Is Roe v. Wade federal law?

No. Roe v. Wade is constitutional precedent, not a federal law. The Supreme Court and the wider judicial branch determine whether or not it is constitutional for a state to enact certain laws. But the Court itself does not codify those laws—that’s the job of the legislative branch.

Lawmakers on Capitol Hill could codify abortion protections into federal law, meaning that abortion would remain legal regardless of the Court’s decision to overturn Roe v. Wade. However, the Women’s Health Protection Act, which would’ve codified the right to an abortion, failed to pass in the Senate in May.

What does the Supreme Court overturning Roe mean for abortion access in America?

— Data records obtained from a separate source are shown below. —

Lemma SIBD X Y : SIB X -> SIB Y -> SIB (X + Y).
Proof.
move=> [m1 [a1 [g1 [b1 [g1S ->]]]]] [m2 [a2 [g2 [b2 [g2S ->]]]]].
pose cat (A1 : 'I_m1 -> super) (A2 : 'I_m2 -> super) (k : 'I_(m1 + m2)) :=
  match split k with inl k1 => A1 k1 | inr k2 => A2 k2 end.
exists (m1 + m2)%N, (cat a1 a2), (cat g1 g2), (cat b1 b2); split.
  by move=> k; rewrite /cat; case: split.
by rewrite big_split_ord /cat; congr (_ + _); apply: eq_bigr => k _;
  rewrite ?(unsplitK (inl k)) ?(unsplitK (inr k)).
Qed.

Lemma SIB_pscale f X : SIB X -> SIB (pscale f X).
Proof.
move=> [m [a [g [b [gS ->]]]]].
exists m, (fun k => pscale f (a k)), g, b; split => //.
rewrite (big_morph _ (pscaleDr _) (pscale0r _)).
by apply: eq_bigr => k _; rewrite !smul_pscalel.
Qed.

Lemma SIB_smul_generator G X : Binvariant G -> const_term G = 0 ->
  SIB (smul G X).
Proof.
move=> Ginv G0; exists 1%N, (fun=> sone n), (fun=> G), (fun=> X); split => //.
by rewrite big_ord1 smul_sonel.
Qed.

Definition SIB_absorbing h : Prop :=
  (forall X, SIB (pscale h X)) /\ (forall X, SIB (smul (sd h) X)).

Lemma SIB_absorbingD f g :
  SIB_absorbing f -> SIB_absorbing g -> SIB_absorbing (f + g).
Proof.
move=> [fX dfX] [gX dgX]; split => X; first by rewrite pscaleDl; apply: SIBD.
by rewrite sdD smulDl; apply: SIBD.
Qed.

Lemma SIB_absorbingMl f g : SIB_absorbing g -> SIB_absorbing (f * g).
Proof.
move=> [gX dgX]; split => X; first by rewrite pscaleA; apply: SIB_pscale.
by rewrite sdM smulDl !smul_pscalel; apply: SIBD; [apply: SIB_pscale|].
Qed.

Lemma SIB_absorbingB f g :
  SIB_absorbing f -> SIB_absorbing g -> SIB_absorbing (f - g).
Proof.
by move=> af ag; apply: SIB_absorbingD => //; rewrite -mulN1r; apply: SIB_absorbingMl.
Qed.

Lemma SIB_absorbing_invariant h :
  Binvariant (sconst h) -> h@_0 = 0 -> Binvariant (sd h) -> SIB_absorbing h.
Proof.
move=> hinv h0 dhinv; split => X.
  rewrite -smul_sconstl; apply: SIB_smul_generator => //.
  by rewrite /const_term ffunE eqxx.
by apply: SIB_smul_generator; rewrite // /const_term sd_set0 mcoeff0.
Qed.

Definition h2_exponent r S (u : 'X_{1..n}) : bool :=
  [forall j, ~~ odd (u j) && ((j \notin S) ==> (u j == 0%N))] && (mdeg u == r.*2).

Lemma mnm_double_eq (m1 m2 : 'X_{1..n}) : (m1 *+ 2 == m2 *+ 2)%MM = (m1 == m2).
Proof.
apply/eqP/eqP => [/mnmP m12|-> //]; apply/mnmP => j.
by apply: double_inj; move: (m12 j); rewrite !mulmnE !muln2.
Qed.

Lemma h2_exponent_double r S (m : 'X_{1..n}) : h2_exponent r S (m *+ 2) =
  (mdeg m == r) && [forall j, (j \notin S) ==> (m j == 0%N)].
Proof.
rewrite /h2_exponent mdegMn muln2 (inj_eq double_inj) andbC; congr andb.
by apply: eq_forallb => j; rewrite mulmnE muln2 odd_double double_eq0.
Qed.

Lemma h2_coef r S u : (h2 r S)@_u = (h2_exponent r S u)%:R.
Proof.
rewrite /h2 raddf_sum /=; under eq_bigr => m _ do rewrite mpolyXn mcoeffX.
case: (pickP (fun j => odd (u j))) => [j odd_uj|even_u].
  rewrite /h2_exponent (_ : [forall j, _] = false); last first.
    by apply/negbTE/forallPn; exists j; rewrite odd_uj.
  rewrite big1 // => m _; case: eqP => // m2u.
  by move: odd_uj; rewrite -m2u mulmnE muln2 odd_double.
pose m := [multinom (u j)./2 | j < n].
have -> : u = (m *+ 2)%MM.
  apply/mnmP => j; rewrite mulmnE mnmE muln2 -{1}(odd_double_half (u j)).
  by rewrite even_u.
rewrite h2_exponent_double; under eq_bigr => m' _ do rewrite mnm_double_eq.
case: (boolP (_ && _)) => [/andP[/eqP degm mS]|Nm].
  have mr : (mdeg m < r.+1)%N by rewrite degm.
  rewrite (bigD1 (BMultinom mr)) /= ?degm ?eqxx ?mS // big1 ?addr0 //.
  move=> m' /andP[_ /eqP m'm]; case: eqP => // m'E.
  by case: m'm; apply: val_inj.
rewrite big1 // => m' /andP[m'r m'S]; case: eqP => // m'm.
by move: Nm; rewrite -m'm m'r m'S.
Qed.

Lemma h2_setU1 k S z : z \notin S ->
  h2 k.+1 S = h2 k.+1 (z |: S) - 'X_[U_(z) *+ 2] * h2 k (z |: S).
Proof.
move=> zS; apply/mpolyP => u; rewrite mcoeffB mcoeffXM !h2_coef.
set w := (U_(z) *+ 2)%MM.
have wE j : w j = (2 * (z == j))%N by rewrite mulmnE mnm1E mulnC.
case: ifP => [wu|wNu].
  have uz2 : (2 <= u z)%N by move/mnm_lepP: wu => /(_ z); rewrite wE eqxx.
  have -> : h2_exponent k.+1 S u = false.
    apply/negbTE/negP => /andP[/forallP/(_ z)/andP[_ /implyP/(_ zS)/eqP uz0] _].
    by rewrite uz0 in uz2.
  suff -> : h2_exponent k.+1 (z |: S) u = h2_exponent k (z |: S) (u - w).
    by rewrite subrr.
  congr andb.
    apply: eq_forallb => j; rewrite mnmBE wE in_setU1.
    case: (eqVneq z j) => [<-|_] /=; last by rewrite subn0.
    by rewrite muln1 oddB // addbF.
  by rewrite -{1}(submK wu) mdegD mdegMn mdeg1 doubleS addn2 eqSS.
rewrite subr0.
have uz2 : (u z < 2)%N.
  rewrite ltnNge; apply/negP => uz2; move/negP: wNu; apply.
  by apply/mnm_lepP => j; rewrite wE; case: (eqVneq z j) => [<-|].
case uz: (u z) uz2 => [|[|//]] _.
  congr (_%:R); congr andb; apply: eq_forallb => j; rewrite in_setU1.
  by case: (eqVneq j z) => [->|]; rewrite ?uz ?implybT.
have oddF S' : [forall j, ~~ odd (u j) && ((j \notin S') ==> (u j == 0%N))] = false.
  by apply/negbTE/forallPn; exists z; rewrite uz.
by rewrite /h2_exponent !oddF.
Qed.

Section SignedPermutation.
Variables (s : {perm 'I_n}) (e : {ffun 'I_n -> bool}).
Local Notation sg := (sgnp e).
Local Notation pa := (pact s e).

Lemma sgnpK i : sg i * sg i = 1.
Proof. by rewrite /sgnp -expr2 sqrr_sign. Qed.

Lemma pactX i : pa 'X_i = sg i *: 'X_(s i).
Proof. by rewrite /pact comp_mpolyXU -tnth_nth tnth_mktuple. Qed.

Lemma pactD f g : pa (f + g) = pa f + pa g.
Proof. exact: raddfD. Qed.

Lemma pactM f g : pa (f * g) = pa f * pa g.
Proof. exact: rmorphM. Qed.

Lemma pactZ c f : pa (c *: f) = c *: pa f.
Proof. exact: comp_mpolyZ. Qed.

Lemma pact1 : pa 1 = 1.
Proof. exact: rmorph1. Qed.

Lemma pact0 : pa 0 = 0.
Proof. exact: raddf0. Qed.

Lemma pact_mderivX i m : pa (mderiv i 'X_[m]) = sg i *: mderiv (s i) (pa 'X_[m]).
Proof.
move: {2}(mdeg m) (erefl (mdeg m)) => d; elim: d m => [|d IH] m degm.
  move/eqP: degm; rewrite mdeg_eq0 => /eqP ->.
  by rewrite mpolyX0 pact1 -mpolyC1 !mderivC pact0 scaler0.
have [j mj] : exists j, m j != 0%N.
  case: (pickP (fun j => m j != 0%N)) => [j|m0]; first by exists j.
  by move: degm; rewrite mdegE big1 // => j _; apply/eqP/negbFE/m0.
have jm : (U_(j) <= m)%MM by rewrite lep1mP.
have degm' : mdeg (m - U_(j)) = d.
  by apply/eqP; rewrite -eqSS -degm -{2}(submK jm) mdegD mdeg1 addn1.
rewrite -(submK jm) mpolyXD !mderivM pactD !pactM (IH _ degm') pactX.
rewrite mderivXU mderivM mderivZ mderivXU.
rewrite scalerDr -!scalerAl -!scalerAr !scalerA.
case: (eqVneq j i) => [->|ji]; first by rewrite sgnpK eqxx pact1 !scale1r.
by rewrite (inj_eq perm_inj) (negbTE ji) /= pact0 !mulr0 scaler0.
Qed.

With Roe v. Wade overturned, the question of abortion’s legality would be decided entirely by individual states. Now that the case is overturned, abortion could become outright illegal in numerous states.

The Center for Reproductive Rights, a human rights organization and pro-choice group, maintains a database called “What if Roe fell?” which predicts at least 25 states are expected to ban abortion altogether if Roe v. Wade is overturned.

The overturning of Roe v. Wade also calls into question the legitimacy of the Court, which is expected to maintain precedent. Such precedent prevents landmark decisions from shifting every few decades and ensures governmental stability. But in a time of increasingly polarized politics, it seems unlikely that this Court will respect precedent.